Accepted for/Published in: JMIR Diabetes
Date Submitted: Mar 25, 2023
Open Peer Review Period: Mar 25, 2023 - May 20, 2023
Date Accepted: May 13, 2023
Date Submitted to PubMed: May 24, 2023
(closed for review but you can still tweet)
Warning: This is an author submission that is not peer-reviewed or edited. Preprints - unless they show as "accepted" - should not be relied on to guide clinical practice or health-related behavior and should not be reported in news media as established information.

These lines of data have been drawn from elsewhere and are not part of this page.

(* Let $A$ be a synaptic algebra and $p,q\in P$. Let $r_p:=p\wedge(p^{\perp}\vee q)\wedge(p^{\perp}\vee q^{\perp})$, $r_{p^{\perp}}:=p^{\perp}\wedge(p\vee q)\wedge(p\vee q^{\perp})$, $r_q:=q\wedge(p\vee q^{\perp})\wedge(p^{\perp}\vee q^{\perp})$, $r_{q^{\perp}}:=q^{\perp}\wedge(p\vee q)\wedge(p^{\perp}\vee q)$, and $r:=[p,q]:=(p\vee q)\wedge(p\vee q^{\perp})\wedge(p^{\perp}\vee q)\wedge(p^{\perp}\vee q^{\perp})$ (so $r=r_p\oplus r_{p^{\perp}}=r_q\oplus r_{q^{\perp}}$). Then: (i) $pCq$ iff $r=0$; (ii) $pr_p=r_pp=r_p$, $pr_{p^{\perp}}=r_{p^{\perp}}p=0$, and $pr=rp=p\wedge r=r_p$; (iii) $p^{\perp}r_p=r_pp^{\perp}=0$, $p^{\perp}r_{p^{\perp}}=r_{p^{\perp}}p^{\perp}=r_{p^{\perp}}$, and $p^{\perp}r=rp^{\perp}=p^{\perp}\wedge r=r_{p^{\perp}}$; (iv) $qr_q=r_qq=r_q$, $qr_{q^{\perp}}=r_{q^{\perp}}q=0$, and $qr=rq=q\wedge r=r_q$; (v) $q^{\perp}r_q=r_qq^{\perp}=0$, $q^{\perp}r_{q^{\perp}}=r_{q^{\perp}}q^{\perp}=r_{q^{\perp}}$, and $q^{\perp}r=rq^{\perp}=q^{\perp}\wedge r=r_{q^{\perp}}$; (vi) $p,p^{\perp},q,q^{\perp}$ commute with $r$; (vii) $r_p$, $r_{p^{\perp}}$, $r_p^{\perp}$, $r_q$, $r_{q^{\perp}}$, $r_q^{\perp}$ commute with $r$; (viii) $r_p=p\wedge r=pr=rp$, $r_{p^{\perp}}=p^{\perp}\wedge r=p^{\perp}r=rp^{\perp}$, $r_q=q\wedge r=qr=rq$, and $r_{q^{\perp}}=q^{\perp}\wedge r=q^{\perp}r=rq^{\perp}$.
   Context: Synaptic algebra (Foulis): $R$ is a real linear associative algebra with unit $1$, and $A\subseteq R$ is a real linear subspace with $1\in A$. For $a,b\in A$ write $aCb$ iff $ab=ba$; $C(a):=\{b\in A: aCb\}$; $CC(a):=\{b\in A: bCd \text{ for all } d\in C(a)\}$. $A$ is a synaptic algebra with enveloping algebra $R$ iff: (SA1) $A$ is a partially ordered archimedean real linear space with positive cone $A^+$, $1$ is an order unit, $\|\cdot\|$ the order-unit norm; (SA2) $a\in A\Rightarrow a^2\in A^+$; (SA3) $a,b\in A^+\Rightarrow aba\in A^+$; (SA4) if $a\in A$, $b\in A^+$, $aba=0$ then $ab=ba=0$; (SA5) if $a\in A^+$ there is $b\in A^+\cap CC(a)$ with $b^2=a$; (SA6) for $a\in A$ there is $p=p^2\in A$ with $ab=0\Leftrightarrow pb=0$ for all $b\in A$; (SA7) if $1\le a$ there is $b\in A$ with $ab=ba=1$; (SA8) if $a,b\in A$, $a_1\le a_2\le\cdots$ are pairwise commuting elements of $C(b)$ with $\|a-a_n\|\to0$, then $a\in C(b)$. $A$ is nondegenerate. $P:=\{p\in A:p=p^2\}$ with the order inherited from $A$ is an orthomodular lattice with orthocomplement $p^{\perp}:=1-p$, meet $\wedge$, join $\vee$; $\oplus$ denotes the sum of orthogonal projections. *)

(* scalars R : realType (the real numbers), enveloping
   algebra E : algType R (real linear associative algebra with unit). *)
From HB Require Import structures.
From mathcomp Require Import all_boot all_order all_algebra.
From mathcomp Require Import reals.
From Stdlib Require Import ClassicalEpsilon.
Set Implicit Arguments. Unset Strict Implicit. Unset Printing Implicit Defensive.
Import Order.TTheory GRing.Theory Num.Theory.
Local Open Scope ring_scope.

Section Synaptic.
Variables (R : realType) (E : algType R).
(* A : the subspace A of E (as a predicate); pos : the positive cone A^+ *)
Variables (A pos : E -> Prop).

Definition sle (a b : E) : Prop := pos (b - a).

Definition scomm (a b : E) : Prop := a * b = b * a.
Definition inCC (a b : E) : Prop :=
  A b /\ forall d, A d -> scomm a d -> scomm b d.

(* order-unit norm: ||x|| = inf {l >= 0 | -l 1 <= x <= l 1}.
   ||x_n|| -> 0  iff  for all eps > 0, eventually -eps 1 <= x_n <= eps 1. *)
Definition oun_cvg0 (x : nat -> E) : Prop :=
  forall eps : R, 0 < eps -> exists N : nat, forall n : nat, (N <= n)%N ->
    sle (- (eps *: 1)) (x n) /\ sle (x n) (eps *: 1).

Record synaptic : Prop := {
  sa_sub0 : A 0;
  sa_subD : forall a b, A a -> A b -> A (a + b);
  sa_subZ : forall (k : R) a, A a -> A (k *: a);
  sa_one : A 1;
  sa_nondeg : (1 : E) <> 0;
  sa_pos_sub : forall a, pos a -> A a;
  sa_pos0 : pos 0;
  sa_posD : forall a b, pos a -> pos b -> pos (a + b);
  sa_posZ : forall (k : R) a, 0 <= k -> pos a -> pos (k *: a);
  sa_pos_anti : forall a, pos a -> pos (- a) -> a = 0;
  sa_archi : forall a b, A a -> A b ->
     (forall n : nat, sle (a *+ n) b) -> sle a 0;
  sa_unit : forall a, A a -> exists k : R, sle a (k *: 1);
  sa2 : forall a, A a -> pos (a * a);
  sa3 : forall a b, pos a -> pos b -> pos (a * b * a);
  sa4 : forall a b, A a -> pos b -> a * b * a = 0 -> a * b = 0 /\ b * a = 0;
  sa5 : forall a, pos a -> exists b, pos b /\ inCC a b /\ b * b = a;
  sa6 : forall a, A a -> exists p, A p /\ p * p = p /\
          forall b, A b -> (a * b = 0 <-> p * b = 0);
  sa7 : forall a, A a -> sle 1 a -> exists b, A b /\ a * b = 1 /\ b * a = 1;
  sa8 : forall a b (an : nat -> E), A a -> A b ->
          (forall n, A (an n)) ->
          (forall n, scomm b (an n)) ->
          (forall n m, scomm (an n) (an m)) ->
          (forall n, sle (an n) (an n.+1)) ->
          oun_cvg0 (fun n => a - an n) ->
          scomm b a
}.

Definition proj (p : E) : Prop := A p /\ p * p = p.
Definition perp (p : E) : E := 1 - p.

Definition is_meet (p q m : E) : Prop :=
  proj m /\ sle m p /\ sle m q /\
  forall x, proj x -> sle x p -> sle x q -> sle x m.
Definition is_join (p q j : E) : Prop :=
  proj j /\ sle p j /\ sle q j /\
  forall x, proj x -> sle p x -> sle q x -> sle j x.

(* meet and join in the lattice P (the glb / lub in P, which exists since
   P is a lattice; chosen by classical description) *)
Definition pmeet (p q : E) : E := epsilon (inhabits 0) (is_meet p q).
Definition pjoin (p q : E) : E := epsilon (inhabits 0) (is_join p q).

Definition rp (p q : E) : E :=
  pmeet (pmeet p (pjoin (perp p) q)) (pjoin (perp p) (perp q)).
Definition rpp (p q : E) : E :=
  pmeet (pmeet (perp p) (pjoin p q)) (pjoin p (perp q)).
Definition rq (p q : E) : E :=
  pmeet (pmeet q (pjoin p (perp q))) (pjoin (perp p) (perp q)).
Definition rqq (p q : E) : E :=
  pmeet (pmeet (perp q) (pjoin p q)) (pjoin (perp p) q).
Definition pcomm (p q : E) : E :=
  pmeet (pmeet (pmeet (pjoin p q) (pjoin p (perp q))) (pjoin (perp p) q))
        (pjoin (perp p) (perp q)).

End Synaptic.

Development of an "all-data-on-hand" deep learning model to predict hospitalization for diabetic ketoacidosis (DKA) in youth with type 1 diabetes (T1D).
ABSTRACT
Background:
While prior research has identified multiple risk factors for diabetic ketoacidosis (DKA), clinicians continue to lack clinic-ready models to predict dangerous and costly episodes of DKA. We asked whether we could apply deep learning, specifically use of a long short-term (LSTM) model, to accurately predict 180-day risk of DKA-related hospitalization for youth with type 1 diabetes (T1D).
Objective:
To describe the development of a LSTM model to predict 180-day risk of DKA-related hospitalization for youth with T1D.
Methods:
We used 17 consecutive calendar quarters of clinical data (01/10/2016-03/18/2020) for 1745 youth 8 to 18-years with T1D from a pediatric diabetes clinic network in the Midwestern US. We trained the model using input data from quarters 1-7 (n=1377), validated using input from quarters 3-9 in a partial out-of-sample cohort (OOS-P; n=1505), and further validated in a full out-of-sample cohort (OOS-F; n=354) with input from quarters 10-15.
Results:
DKA admissions occurred at a rate of 5% per 180-days in both OOS cohorts. For the OOS-P and OOS-F cohorts, respectively: median age was 13.7 years (IQR=11.3,15.8) and 13.1 years (10.7,15.5); and HbA1c at enrollment was 8.6% (7.6,9.8) [70 (60,84) mmol/mol] and 8.1% (6.9,9.5) [65 (52,80) mmol/mol]; 14% and 13% had prior DKA admissions (post-T1D-diagnosis); and recall was 0.33 and 0.50 for the top-ranked 5% of youth with T1D. For lists rank-ordered by probability of hospitalization, precision increased from 0.33 to 0.56 to 1.0 for positions 1-80, 1-25, and 1-10 in the OOS-P cohort and from 0.50 to 0.60 to 0.80 for positions 1-18, 1-10, and 1-5 in the OOS-F cohort.
Conclusions:
The proposed LSTM model for predicting 180-day DKA-related hospitalization is valid in the present sample. Future work should evaluate validity in multiple populations and settings. Rank-ordering youth by probability of DKA-related hospitalization will allow clinics to identify the most at-risk youth and to evaluate novel preventive interventions.